Directed evolution-driven reprogramming of PD-L1 for compact and tunable checkpoint modulation.

[BACKGROUND] Immune checkpoint inhibitors (ICIs) targeting the PD-1/PD-L1 axis have achieved major clinical success in cancer therapy. However, IgG-based checkpoint inhibitors face limitations such as large molecular size restricting tumor penetration and Fc effector-mediated depletion of PD-1-expressing T cells. While IgG antibodies can be engineered to modulate these effects, such tunability often requires complex modifications. To overcome these drawbacks, alternative protein scaffolds that retain checkpoint specificity while enabling more compact design and greater engineering flexibility are needed. Wild-type PD-L1, a native ligand of PD-1, exhibits micromolar binding affinity and limited therapeutic utility, highlighting the need for ligand-based engineering approaches that provide improved modularity and predictable receptor engagement.

[RESULTS] We developed a compact and tunable PD-L1 variant through yeast surface display-based directed evolution.
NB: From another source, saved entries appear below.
(* Let $p_0$ be a probability density w.r.t. a $\sigma$-finite measure $\pi$ on $(\mathcal X,\mathcal B)$, $\mathbb P_0(B):=\int_Bp_0\,d\pi$, and $Q:\mathcal X\to(0,\infty)$ measurable with $Q_*:=\operatorname*{ess\,sup}_\pi Q\in(0,\infty)$, $Q\le Q_*$ everywhere, and $\mathbb P_0(A)>0$ where $A=\{Q=Q_*\}$. Fix $\eta>0$ and suppose there exists $\delta>0$ with $$\mathbb P_0\bigl(\{x:Q_*-\delta\le Q(x)<Q_*\}\bigr)>0\quad\text{and}\quad (Q_*-\delta)e^\eta\ge Q_*.$$ Then there exists a measurable $\Delta r$ with $\|\Delta r\|_\infty=\eta$ such that $\mathbb P_0(A_{\Delta r})>0$ and $d_{\rm TV}(p_{\infty,\Delta r},p_{\infty,0})=1$.
   Context: For $\Delta r\in L^\infty(\pi)$: $Q_{\Delta r}(x):=Q(x)e^{\Delta r(x)}$, $Q_{*,\Delta r}:=\operatorname*{ess\,sup}_\pi Q_{\Delta r}$, $A_{\Delta r}:=\{x:Q_{\Delta r}(x)=Q_{*,\Delta r}\}$, and, when $\mathbb P_0(A_{\Delta r})>0$, $p_{\infty,\Delta r}(x):=p_0(x)\mathbf 1_{A_{\Delta r}}(x)/\mathbb P_0(A_{\Delta r})$ (with $A_0=A$). In the paper $Q(x)=e^{r(x)}\mathbb E[e^{\varepsilon(x)}]$ for a reward $r$ and noise field $\varepsilon$, so $Q_{\Delta r}$ corresponds to the perturbed reward $r+\Delta r$, and $p_{\infty,\Delta r}$ is the limit of the purely synthetic retraining dynamics under the perturbed reward. $d_{\rm TV}(p,q)=\frac12\int|p-q|\,d\pi$. *)

From HB Require Import structures.
From mathcomp Require Import all_boot all_order all_algebra.
From mathcomp Require Import all_classical all_reals all_analysis.
From mathcomp Require Import ess_sup_inf.
Set Implicit Arguments. Unset Strict Implicit. Unset Printing Implicit Defensive.
Import Order.TTheory GRing.Theory Num.Theory.
Import numFieldNormedType.Exports.
Local Open Scope classical_set_scope.
Local Open Scope ring_scope.

Section defs.
Context {d : measure_display} {T : measurableType d} {R : realType}.
Variable pi : {measure set T -> \bar R}.

Definition P0 (p0 : T -> R) (B : set T) : \bar R := (\int[pi]_(x in B) (p0 x)%:E)%E.

Definition Qpert (Q dr : T -> R) (x : T) : R := Q x * expR (dr x).

Definition Qstar (Q dr : T -> R) : \bar R := ess_sup pi (fun x => (Qpert Q dr x)%:E).

Definition Aset (Q dr : T -> R) : set T := [set x | (Qpert Q dr x)%:E = Qstar Q dr].

Definition p_inf (p0 Q dr : T -> R) (x : T) : R :=
  p0 x * \1_(Aset Q dr) x / fine (P0 p0 (Aset Q dr)).

Definition Linf_norm (f : T -> R) : \bar R := ess_sup pi (fun x => (`|f x|)%:E).

Definition dTV (p q : T -> R) : \bar R :=
  ((2^-1)%:E * \int[pi]_x (`|p x - q x|)%:E)%E.
End defs.

From HB Require Import structures.
From mathcomp Require Import all_boot all_order all_algebra.
From mathcomp Require Import all_classical all_reals all_analysis.
From mathcomp Require Import ess_sup_inf.
From mathcomp Require Import measurable_realfun.
Set Implicit Arguments.
Unset Strict Implicit.
Unset Printing Implicit Defensive.
Import Order.TTheory GRing.Theory Num.Theory.
Import numFieldNormedType.Exports.
Local Open Scope classical_set_scope.
Local Open Scope ring_scope.

(* Write B for the band {Q_* - delta <= Q < Q_*} and c := (Q_* - delta) e^eta,
   so that c >= Q_*.  Lift Q to exactly c on B (costing at most eta, since
   Q >= c e^-eta there) and lower it by e^-eta elsewhere, so that
   Q e^{Delta r} < Q <= c off B.  Then the perturbed maximiser set is B, which
   has positive mass and is disjoint from A = {Q = Q_*}: the two limit densities
   live on disjoint sets, so their total variation distance is 1.  The sup norm
   of Delta r is attained (= eta) on A. *)

Section ess_sup_attained.
Context d {T : measurableType d} {R : realType}.
Variable mu : {measure set T -> \bar R}.
Local Open Scope ereal_scope.

Lemma ess_sup_ge_on (f : T -> \bar R) (S : set T) (a : \bar R) :
  measurable S -> 0 < mu S -> (forall x, S x -> a <= f x) -> a <= ess_sup mu f.
Proof.
move=> mS muS_gt0 Sa; rewrite leNgt; apply/negP => sup_lt_a.
have [N [mN muN0 fN]] := ess_sup_ge mu f.
have SN : S `<=` N.
  move=> x Sx; apply: fN => /= f_le.
  by move: (lt_le_trans sup_lt_a (Sa x Sx)); rewrite ltNge f_le.
by move: muS_gt0; rewrite measure_gt0 (subset_measure0 mS mN SN muN0) eqxx.
Qed.

Lemma ess_sup_attained (f : T -> \bar R) (S : set T) (a : \bar R) :
  measurable S -> 0 < mu S -> (forall x, f x <= a) -> (forall x, S x -> f x = a) ->
  ess_sup mu f = a.
Proof.
move=> mS muS_gt0 f_le fS; apply/eqP; rewrite eq_le; apply/andP; split.
  by apply/ess_supP; exact: nearW.
by apply: (ess_sup_ge_on mS muS_gt0) => x /fS ->.
Qed.

End ess_sup_attained.

Section conditional_density.
Context d {T : measurableType d} {R : realType}.
Variables (pi : {measure set T -> \bar R}) (p0 : T -> R).
Hypotheses (mp0 : measurable_fun [set: T] p0) (p0_ge0 : forall x, 0 <= p0 x).
Hypothesis p0_int1 : (\int[pi]_x (p0 x)%:E = 1)%E.

Definition cond_density (S : set T) (x : T) : R :=
  p0 x * \1_S x / fine (P0 pi p0 S).

Lemma p_infE (Q dr : T -> R) : p_inf pi p0 Q dr = cond_density (Aset pi Q dr).
Proof. by []. Qed.

Lemma P0_ge0 (S : set T) : (0 <= P0 pi p0 S)%E.
Proof. by apply: integral_ge0 => x _; rewrite lee_fin. Qed.

Lemma P0_le1 (S : set T) : measurable S -> (P0 pi p0 S <= 1)%E.
Proof.
move=> mS; rewrite -p0_int1; apply: ge0_subset_integral => //.
  exact/measurable_EFinP.
by move=> x _; rewrite lee_fin.
Qed.

Lemma P0_fin_num (S : set T) : measurable S -> P0 pi p0 S \is a fin_num.
Proof.
move=> mS; rewrite ge0_fin_numE ?P0_ge0 //.
exact: le_lt_trans (P0_le1 mS) (ltry _).
Qed.

Lemma P0_gt0_measure_gt0 (S : set T) :
  measurable S -> (0 < P0 pi p0 S)%E -> (0 < pi S)%E.
Proof.
move=> mS P0S_gt0; rewrite lt0e measure_ge0 andbT; apply/eqP => piS0.
move: P0S_gt0; rewrite /P0 null_set_integral // ?ltxx //.
by apply/measurable_EFinP; exact: measurable_funTS.
Qed.

Lemma cond_density_ge0 (S : set T) (x : T) : 0 <= cond_density S x.
Proof. by rewrite divr_ge0 ?mulr_ge0 ?indicE ?fine_ge0 ?P0_ge0. Qed.

Lemma measurable_cond_density (S : set T) :
  measurable S -> measurable_fun [set: T] (cond_density S).
Proof. by move=> mS; apply: measurable_funM => //; exact: measurable_funM. Qed.

Lemma integral_cond_density (S : set T) :
  measurable S -> (0 < P0 pi p0 S)%E -> (\int[pi]_x (cond_density S x)%:E = 1)%E.
Proof.
move=> mS P0S_gt0; rewrite -(fineK (P0_fin_num mS)) lte_fin in P0S_gt0.
transitivity (\int[pi]_(x in S) ((fine (P0 pi p0 S))^-1%:E * (p0 x)%:E))%E.
  rewrite [RHS]integral_mkcond; apply: eq_integral => x _.
  rewrite patchE /cond_density indicE; case: (x \in S) => /=.
    by rewrite mulr1 -EFinM mulrC.
  by rewrite mulr0 mul0r.
rewrite ge0_integralZl_EFin //.
- by rewrite -/(P0 pi p0 S) -{2}(fineK (P0_fin_num mS)) -EFinM mulVf ?gt_eqF.
- by move=> x _; rewrite lee_fin.
- by apply/measurable_EFinP; exact: measurable_funTS.
- by rewrite invr_ge0 ltW.
Qed.

Lemma cond_density_out (S : set T) (x : T) : ~ S x -> cond_density S x = 0.
Proof. by move=> NSx; rewrite /cond_density indicE memNset // mulr0 mul0r. Qed.

Lemma dTV_cond_density_disjoint (A B : set T) :
  measurable A -> measurable B -> A `&` B = set0 ->
  (0 < P0 pi p0 A)%E -> (0 < P0 pi p0 B)%E ->
  dTV pi (cond_density A) (cond_density B) = 1%E.
Proof.
move=> mA mB AB0 P0A_gt0 P0B_gt0.
have dist_sum x : `|cond_density A x - cond_density B x|
    = cond_density A x + cond_density B x.
  have [Ax|NAx] := pselect (A x).
    have NBx : ~ B x by move=> Bx; have : (A `&` B) x by []; rewrite AB0.
    by rewrite (cond_density_out NBx) subr0 addr0 ger0_norm ?cond_density_ge0.
  by rewrite (cond_density_out NAx) sub0r add0r normrN ger0_norm ?cond_density_ge0.
rewrite /dTV; under eq_integral do rewrite dist_sum EFinD.
rewrite ge0_integralD //; first last.
- by apply/measurable_EFinP; exact: measurable_cond_density.
- by move=> x _; rewrite lee_fin cond_density_ge0.
- by apply/measurable_EFinP; exact: measurable_cond_density.
- by move=> x _; rewrite lee_fin cond_density_ge0.
rewrite !integral_cond_density // -EFinD -EFinM.
by rewrite -mulr2n -mulr_natr mulVf ?pnatr_eq0.
Qed.

End conditional_density.

Lemma Qpert0 d (T : measurableType d) (R : realType) (Q : T -> R) :
  Qpert Q (fun=> 0) = Q.
Proof. by apply/funext => x; rewrite /Qpert expR0 mulr1. Qed.

Lemma Aset0 d (T : measurableType d) (R : realType)
    (pi : {measure set T -> \bar R}) (Q : T -> R) (Qs : R) :
  ess_sup pi (EFin \o Q) = Qs%:E -> Aset pi Q (fun=> 0) = [set x | Q x = Qs].
Proof.
move=> ess_supQ; apply/seteqP; split => x;
  rewrite /Aset /Qstar Qpert0 ess_supQ /=; [by case | by move->].
Qed.

Section band_perturbation.
Context d {T : measurableType d} {R : realType}.
Variables (Q : T -> R) (Qs eta l : R).
Hypotheses (mQ : measurable_fun [set: T] Q) (Q_gt0 : forall x, 0 < Q x).
Hypotheses (Q_le : forall x, Q x <= Qs) (eta_gt0 : 0 < eta) (l_gt0 : 0 < l).
Hypothesis Qs_le : Qs <= l * expR eta.

Definition in_band (x : T) : bool := (l <= Q x) && (Q x < Qs).

Definition band_perturbation (x : T) : R :=
  if in_band x then ln (l * expR eta) - ln (Q x) else - eta.

Let c_gt0 : 0 < l * expR eta.
Proof. by rewrite mulr_gt0 ?expR_gt0. Qed.

Lemma Qpert_in_band (x : T) :
  in_band x -> Qpert Q band_perturbation x = l * expR eta.
Proof.
move=> bx; rewrite /Qpert /band_perturbation bx expRB !lnK ?posrE //.
by rewrite mulrC divfK ?gt_eqF.
Qed.

Lemma Qpert_out_band (x : T) :
  ~~ in_band x -> Qpert Q band_perturbation x < l * expR eta.
Proof.
move=> /negbTE bx; rewrite /Qpert /band_perturbation bx.
apply: lt_le_trans (le_trans (Q_le x) Qs_le).
by rewrite gtr_pMr // expR_lt1 oppr_lt0.
Qed.

Lemma norm_band_perturbation_le (x : T) : `|band_perturbation x| <= eta.
Proof.
rewrite /band_perturbation; case: ifP => [/andP [l_le lt_Qs] | _].
  have Q_le_c : Q x <= l * expR eta by rewrite (le_trans (ltW lt_Qs)).
  rewrite ger0_norm ?subr_ge0 ?ler_ln ?posrE //.
  by rewrite -ler_expR expRB !lnK ?posrE // ler_pdivrMr // mulrC ler_wpM2l.
by rewrite normrN gtr0_norm.
Qed.

Lemma norm_band_perturbation_out (x : T) :
  ~~ in_band x -> `|band_perturbation x| = eta.
Proof. by move=> /negbTE bx; rewrite /band_perturbation bx normrN gtr0_norm. Qed.

Lemma measurable_in_band : measurable_fun [set: T] in_band.
Proof.
by apply: measurable_and; [exact: measurable_fun_ler | exact: measurable_fun_ltr].
Qed.

Lemma measurable_band : measurable [set x | in_band x].
Proof. by rewrite -[X in measurable X]setTI; exact: measurable_in_band. Qed.

Lemma measurable_band_perturbation : measurable_fun [set: T] band_perturbation.
Proof.
apply: measurable_fun_ifT; [exact: measurable_in_band | | exact: measurable_cst].
by apply: measurable_funB => //; exact: measurableT_comp.
Qed.

Variable pi : {measure set T -> \bar R}.

Lemma Linf_norm_band_perturbation (S : set T) :
  measurable S -> (0 < pi S)%E -> (forall x, S x -> ~~ in_band x) ->
  Linf_norm pi band_perturbation = eta%:E.
Proof.
move=> mS piS_gt0 S_out; apply: (ess_sup_attained mS piS_gt0).
  by move=> x; rewrite lee_fin norm_band_perturbation_le.
by move=> x /S_out/norm_band_perturbation_out ->.
Qed.

Lemma Aset_band_perturbation :
  (0 < pi [set x | in_band x])%E ->
  Aset pi Q band_perturbation = [set x | in_band x].
Proof.
move=> pi_band_gt0.
have Qstar_c : Qstar pi Q band_perturbation = (l * expR eta)%:E.
  apply: (ess_sup_attained measurable_band pi_band_gt0).
    move=> x; rewrite lee_fin.
    by have [/Qpert_in_band ->|/Qpert_out_band/ltW] := boolP (in_band x).
  by move=> x /Qpert_in_band ->.
apply/seteqP; split => x; rewrite /Aset /= Qstar_c; last by move/Qpert_in_band ->.
move=> /(congr1 fine) /= Qpert_c; apply/negPn/negP => /Qpert_out_band.
by rewrite Qpert_c ltxx.
Qed.

End band_perturbation.

Theorem theorem7 (d : measure_display) (T : measurableType d) (R : realType)
  (pi : {measure set T -> \bar R}) (p0 Q : T -> R) (Qs eta : R) :
  sigma_finite [set: T] pi ->
  measurable_fun [set: T] p0 -> (forall x, 0 <= p0 x) ->
  (\int[pi]_x (p0 x)%:E = 1)%E ->
  measurable_fun [set: T] Q -> (forall x, 0 < Q x) ->
  ess_sup pi (EFin \o Q) = Qs%:E -> 0 < Qs ->
  (forall x, Q x <= Qs) ->
  (0 < P0 pi p0 [set x | Q x = Qs])%E ->
  0 < eta ->
  (exists delta : R, 0 < delta /\
     (0 < P0 pi p0 [set x | ((Qs - delta <= Q x) && (Q x < Qs))%R])%E /\
     Qs <= (Qs - delta) * expR eta) ->
  exists dr : T -> R,
    measurable_fun [set: T] dr /\
    Linf_norm pi dr = eta%:E /\
    (0 < P0 pi p0 (Aset pi Q dr))%E /\
    dTV pi (p_inf pi p0 Q dr) (p_inf pi p0 Q (fun _ => 0)) = 1%E.
Proof.
move=> _ mp0 p0_ge0 p0_int1 mQ Q_gt0 ess_supQ Qs_gt0 Q_le PA eta_gt0.
move=> [delta [_ [Pband Qs_le]]].
have l_gt0 : 0 < Qs - delta.
  by rewrite -(pmulr_lgt0 _ (expR_gt0 eta)) (lt_le_trans Qs_gt0).
pose band := [set x | in_band Q Qs (Qs - delta) x].
have mA : measurable [set x | Q x = Qs].
  by rewrite -[X in measurable X]setTI; apply: (mQ measurableT [set Qs]).
have mband : measurable band by exact: measurable_band.
have A_out x : Q x = Qs -> ~~ in_band Q Qs (Qs - delta) x.
  by rewrite /in_band => ->; rewrite ltxx andbF.
have band_A0 : band `&` [set x | Q x = Qs] = set0.
  by apply/seteqP; split => // x [band_x /A_out]; rewrite band_x.
have piA := P0_gt0_measure_gt0 mp0 mA PA.
have piband := P0_gt0_measure_gt0 mp0 mband Pband.
exists (band_perturbation Q Qs eta (Qs - delta)); split.
  exact: measurable_band_perturbation.
split.
  exact: (Linf_norm_band_perturbation Q_gt0 eta_gt0 l_gt0 Qs_le mA piA A_out).
rewrite !p_infE (Aset_band_perturbation mQ Q_gt0 Q_le eta_gt0 l_gt0 Qs_le piband).
rewrite (Aset0 ess_supQ); split => //.
exact: dTV_cond_density_disjoint.
Qed.
Theorem theorem4p6 (R : realType) (X : Type) (d : X -> X -> R)
  (hd : is_metric d) (u : X -> R) (us : nat -> X -> R)
  (hu : F_USCG d u) (hus : forall n, F_USCG d (us n)) :
  [<-> (fun n => Hend d (us n) u) @ \oo --> 0%E;
       {ae (@lebesgue_measure R), forall a, `]0, 1[%classic a -> cut_cvg d us u a};
       forall a, (`]0, 1[ `\` platform d u) a -> cut_cvg d us u a;
       exists P : set R, [/\ P `<=` `]0, 1[ `\` platform d u,
           dense_in P (`]0, 1[ `\` platform d u) &
           forall a, P a -> cut_cvg d us u a];
       exists P : set R, [/\ countable P, P `<=` `]0, 1[ `\` platform d u,
           dense_in P (`]0, 1[ `\` platform d u) &
           forall a, P a -> cut_cvg d us u a]].
Proof.
have plat_meas := platform_measurable hd hu.
have plat_null := platform_null hd hu.
have i_iii := Hend_cvg_cut_cvg hd hu hus.
have v_i := nonplatform_cut_cvg_Hend_cvg hd hu hus.
tfae.
- move=> /i_iii iii; exists (platform d u); split => // a /= nPa.
  by apply: contrapT => Pa; apply: nPa => a01; exact: iii.
- move=> ii; apply/i_iii/(v_i [set a | (`]0, 1[ `\` platform d u) a /\ cut_cvg d us u a]).
  + by move=> a [].
  + exact: ae_itvoo_dense plat_meas plat_null ii.
  + by move=> a [].
- move=> iii; exists (`]0, 1[ `\` platform d u); split => // y Yy e e0.
  by exists y; rewrite // subrr normr0.
- move=> [P [PS P_dense Pcvg]]; have [Q [cQ QP Q_dense]] := countable_dense_subset P.
  exists Q; split => // [a /QP/PS // | | a /QP/Pcvg //].
  exact: dense_in_trans Q_dense P_dense.
- by move=> [P [_]]; exact: v_i.
Qed.
(* Let $T\in\mathbb{T}$. Then no non-pendant edge of $T$ belongs to a maximum matching of $T$.
   Context: $\mathbb{T}$ is the class of simple undirected weighted trees $T$ (nonzero real weights on edges) such that (i) $T$ has at least one non-pendant vertex, and (ii) every non-pendant vertex of $T$ is adjacent to at least one pendant vertex. A pendant vertex is a vertex of degree one; a pendant edge is an edge incident to a pendant vertex; a non-pendant edge is any other edge. A maximum matching is a set of pairwise vertex-disjoint edges of maximum cardinality. *)

From HB Require Import structures.
From mathcomp Require Import all_boot all_order all_algebra.
Set Implicit Arguments. Unset Strict Implicit. Unset Printing Implicit Defensive.
Import Order.TTheory GRing.Theory Num.Theory.

(* A simple undirected graph on a finite vertex type V is a symmetric,
   irreflexive relation e : rel V. Edges are represented as 2-element sets. *)
Section Graphs.
Variable V : finType.
Variable e : rel V.

Definition simple_graph : Prop := symmetric e /\ irreflexive e.

Definition edges : {set {set V}} := [set [set x; y] | x in V, y in V & e x y].

Definition deg (x : V) : nat := #|[set y | e x y]|.

Definition pendant (x : V) : bool := deg x == 1%N.

Definition is_tree : Prop :=
  [/\ simple_graph, (0 < #|V|)%N,
      (forall x y : V, connect e x y) & #|edges| = #|V|.-1].

Definition matching (M : {set {set V}}) : Prop :=
  M \subset edges /\
  (forall f g, f \in M -> g \in M -> f != g -> [disjoint f & g]).

Definition maximum_matching (M : {set {set V}}) : Prop :=
  matching M /\ (forall M', matching M' -> (#|M'| <= #|M|)%N).

Definition non_pendant_edge (x y : V) : Prop :=
  e x y /\ ~~ pendant x /\ ~~ pendant y.

Definition in_class_T (R : numDomainType) (w : V -> V -> R) : Prop :=
  [/\ is_tree,
      (forall x y, e x y -> w x y = w y x),
      (forall x y, e x y -> w x y != 0%R),
      (exists v, ~~ pendant v) &
      (forall v, ~~ pendant v -> exists2 u, e v u & pendant u)].
End Graphs.

From HB Require Import structures.
From mathcomp Require Import all_boot all_order all_algebra.
Set Implicit Arguments. Unset Strict Implicit.

(* If the edge xy of a maximum matching M joins two non-pendant vertices that
   have pendant neighbours u and v, then u and v are unmatched: the only edges
   at u and v are ux and vy, and these meet xy.  Trading xy for ux and vy then
   gives a matching with one more edge.  Neither acyclicity nor the weights
   play a role: the argument works in any simple graph. *)

Lemma disjoint_set2 (T : finType) (a b : T) (A : {set T}) :
  [disjoint [set a; b] & A] = (a \notin A) && (b \notin A).
Proof.
have set2E : [set a; b] =i predU1 a (pred1 b) by move=> z; rewrite !inE.
by rewrite (eq_disjoint set2E) disjointU1 disjoint1.
Qed.

Section Matchings.
Variables (V : finType) (e : rel V).

Lemma mem_edges a b : e a b -> [set a; b] \in edges e.
Proof. by move=> eab; apply/imset2P; exists a b; rewrite ?inE. Qed.

Lemma edgesP f : f \in edges e -> exists a b, e a b /\ f = [set a; b].
Proof. by case/imset2P => a b _; rewrite inE => eab ->; exists a, b. Qed.

Lemma edges_neq0 f : f \in edges e -> f != set0.
Proof.
by case/edgesP => a [b [_ ->]]; apply/set0Pn; exists a; rewrite set21.
Qed.

Lemma matching_subset (M M' : {set {set V}}) :
  matching e M -> M' \subset M -> matching e M'.
Proof.
move=> [Medges Mdisj] sM'M; split; first exact: subset_trans sM'M Medges.
by move=> f g fM' gM'; apply: Mdisj; apply: (subsetP sM'M).
Qed.

Lemma matching_disjointD1 (M : {set {set V}}) f h :
  matching e M -> f \in M -> h \in M :\ f -> [disjoint f & h].
Proof.
by move=> [_ Mdisj] fM /setD1P[hf hM]; apply: Mdisj; rewrite // eq_sym.
Qed.

Section AddEdge.
Variables (M : {set {set V}}) (g : {set V}).
Hypothesis g_edge : g \in edges e.
Hypothesis g_disj : {in M, forall h : {set V}, [disjoint g & h]}.

Lemma disjoint_edge_notin : g \notin M.
Proof.
apply/negP => /g_disj; rewrite -setI_eq0 setIid.
by rewrite (negbTE (edges_neq0 g_edge)).
Qed.

Lemma matchingU1 : matching e M -> matching e (g |: M).
Proof.
move=> [Medges Mdisj]; split.
  by apply/subsetP => f /setU1P[-> // | fM]; apply: (subsetP Medges).
move=> f h /setU1P[-> | fM] /setU1P[-> | hM]; rewrite ?eqxx // => fh.
- exact: g_disj hM.
- by rewrite disjoint_sym; apply: g_disj fM.
- exact: Mdisj fM hM fh.
Qed.

Lemma card_matchingU1 : #|g |: M| = #|M|.+1.
Proof. by rewrite cardsU1 disjoint_edge_notin. Qed.

End AddEdge.

Lemma pendant_neighbour_uniq u a b : pendant e u -> e u a -> e u b -> a = b.
Proof.
rewrite /pendant /deg => /cards1P[z Nu] eua eub.
have : a \in [set y | e u y] by rewrite inE.
have : b \in [set y | e u y] by rewrite inE.
by rewrite Nu !inE => /eqP -> /eqP ->.
Qed.

Hypothesis e_sym : symmetric e.

Lemma pendant_edge f u x :
  f \in edges e -> u \in f -> pendant e u -> e u x -> f = [set u; x].
Proof.
case/edgesP => a [b [eab ->]] /set2P[] -> pu eux.
  by rewrite (pendant_neighbour_uniq pu eab eux).
by rewrite setUC (pendant_neighbour_uniq pu (etrans (e_sym b a) eab) eux).
Qed.

Hypothesis e_irr : irreflexive e.

Lemma pendant_unmatched (M : {set {set V}}) x y u :
  matching e M -> [set x; y] \in M -> pendant e u -> e u x -> u != y ->
  {in M, forall h : {set V}, u \notin h}.
Proof.
move=> Mmatch xyM pu eux uy h hM; apply/negP => uh.
have ux : u != x by apply: contraTneq eux => ->; rewrite e_irr.
have u_xy : u \notin [set x; y] by rewrite !inE negb_or ux uy.
have hMxy : h \in M :\ [set x; y].
  by rewrite !inE hM andbT; apply: contraNneq u_xy => <-.
have := matching_disjointD1 Mmatch xyM hMxy.
rewrite disjoint_sym (pendant_edge (subsetP Mmatch.1 _ hM) uh pu eux).
by rewrite disjoint_set2 set21 andbF.
Qed.

Lemma nonpendant_edge_notin_maximum_matching M x y u v :
  maximum_matching e M -> ~~ pendant e x -> ~~ pendant e y -> e x y ->
  e x u -> pendant e u -> e y v -> pendant e v -> [set x; y] \notin M.
Proof.
move=> [Mmatch Mmax] npx npy exy exu pu eyv pv; apply/negP => xyM.
have eux : e u x by rewrite e_sym.
have evy : e v y by rewrite e_sym.
have xy : x != y by apply: contraTneq exy => ->; rewrite e_irr.
have uy : u != y by apply: contraNneq npy => <-.
have vx : v != x by apply: contraNneq npx => <-.
have uv : u != v.
  apply: contraNneq xy => uv; apply/eqP/(pendant_neighbour_uniq pu eux).
  by rewrite uv.
have u_free := pendant_unmatched Mmatch xyM pu eux uy.
have yxM : [set y; x] \in M by rewrite setUC.
have v_free := pendant_unmatched Mmatch yxM pv evy vx.
set M0 := M :\ [set x; y].
have M0_avoid h : h \in M0 -> (x \notin h) && (y \notin h).
  by move/(matching_disjointD1 Mmatch xyM); rewrite disjoint_set2.
have vy_disj : {in M0, forall h : {set V}, [disjoint [set v; y] & h]}.
  move=> h hM0; rewrite disjoint_set2 v_free ?(setD1P hM0).2 //.
  by case/andP: (M0_avoid h hM0).
have ux_disj :
    {in [set v; y] |: M0, forall h : {set V}, [disjoint [set u; x] & h]}.
  move=> h /setU1P[-> | hM0]; rewrite disjoint_set2.
    by rewrite !inE !negb_or uv uy eq_sym vx xy.
  by rewrite u_free ?(setD1P hM0).2 //; case/andP: (M0_avoid h hM0).
have M'match : matching e ([set u; x] |: ([set v; y] |: M0)).
  apply: matchingU1 (mem_edges eux) ux_disj _.
  apply: matchingU1 (mem_edges evy) vy_disj _.
  exact: matching_subset Mmatch (subD1set M [set x; y]).
have := Mmax _ M'match.
rewrite (card_matchingU1 (mem_edges eux) ux_disj).
rewrite (card_matchingU1 (mem_edges evy) vy_disj) (cardsD1 [set x; y] M) xyM.
by rewrite -/M0 add1n ltnn.
Qed.

End Matchings.

Theorem theorem3p3 (V : finType) (e : rel V) (R : numDomainType)
    (w : V -> V -> R) :
  in_class_T e w ->
  forall M : {set {set V}}, maximum_matching e M ->
  forall x y : V, non_pendant_edge e x y -> [set x; y] \notin M.
Proof.
case=> [[[e_sym e_irr] _ _ _] _ _ _ pendant_nbr] M maxM x y [exy [npx npy]].
have [u exu pu] := pendant_nbr x npx.
have [v eyv pv] := pendant_nbr y npy.
exact: nonpendant_edge_notin_maximum_matching maxM npx npy exy exu pu eyv pv.
Qed.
A mutagenized PD-L1 ectodomain library was screened to isolate high-affinity variants, yielding a double mutant (DM) with a 173-fold enhancement in PD-1 binding over the wild-type. In silico immunogenicity analysis predicted that the DM variant maintains low potential immunogenicity, comparable to native PD-L1, despite the engineered mutations. Structural modeling revealed that this affinity gain was driven by a de novo interfacial salt bridge and enhanced hydrophobic complementarity at the PD-1 interface. Functional assays demonstrated that the DM variant restored T cell activity, as evidenced by increased interferon-γ and interleukin-2 secretion in co-culture systems. The DM variant retained favorable biophysical properties and is compatible with modular fusion formats for therapeutic integration.

[CONCLUSION] This study demonstrates the successful application of directed evolution to generate a compact PD-L1 variant with high-affinity PD-1 binding, low immunogenicity risk, and tunable architecture. The DM variant expands the design space of ligand-based checkpoint inhibitors and offers a versatile platform for next-generation immunotherapeutics engineered through synthetic biology frameworks.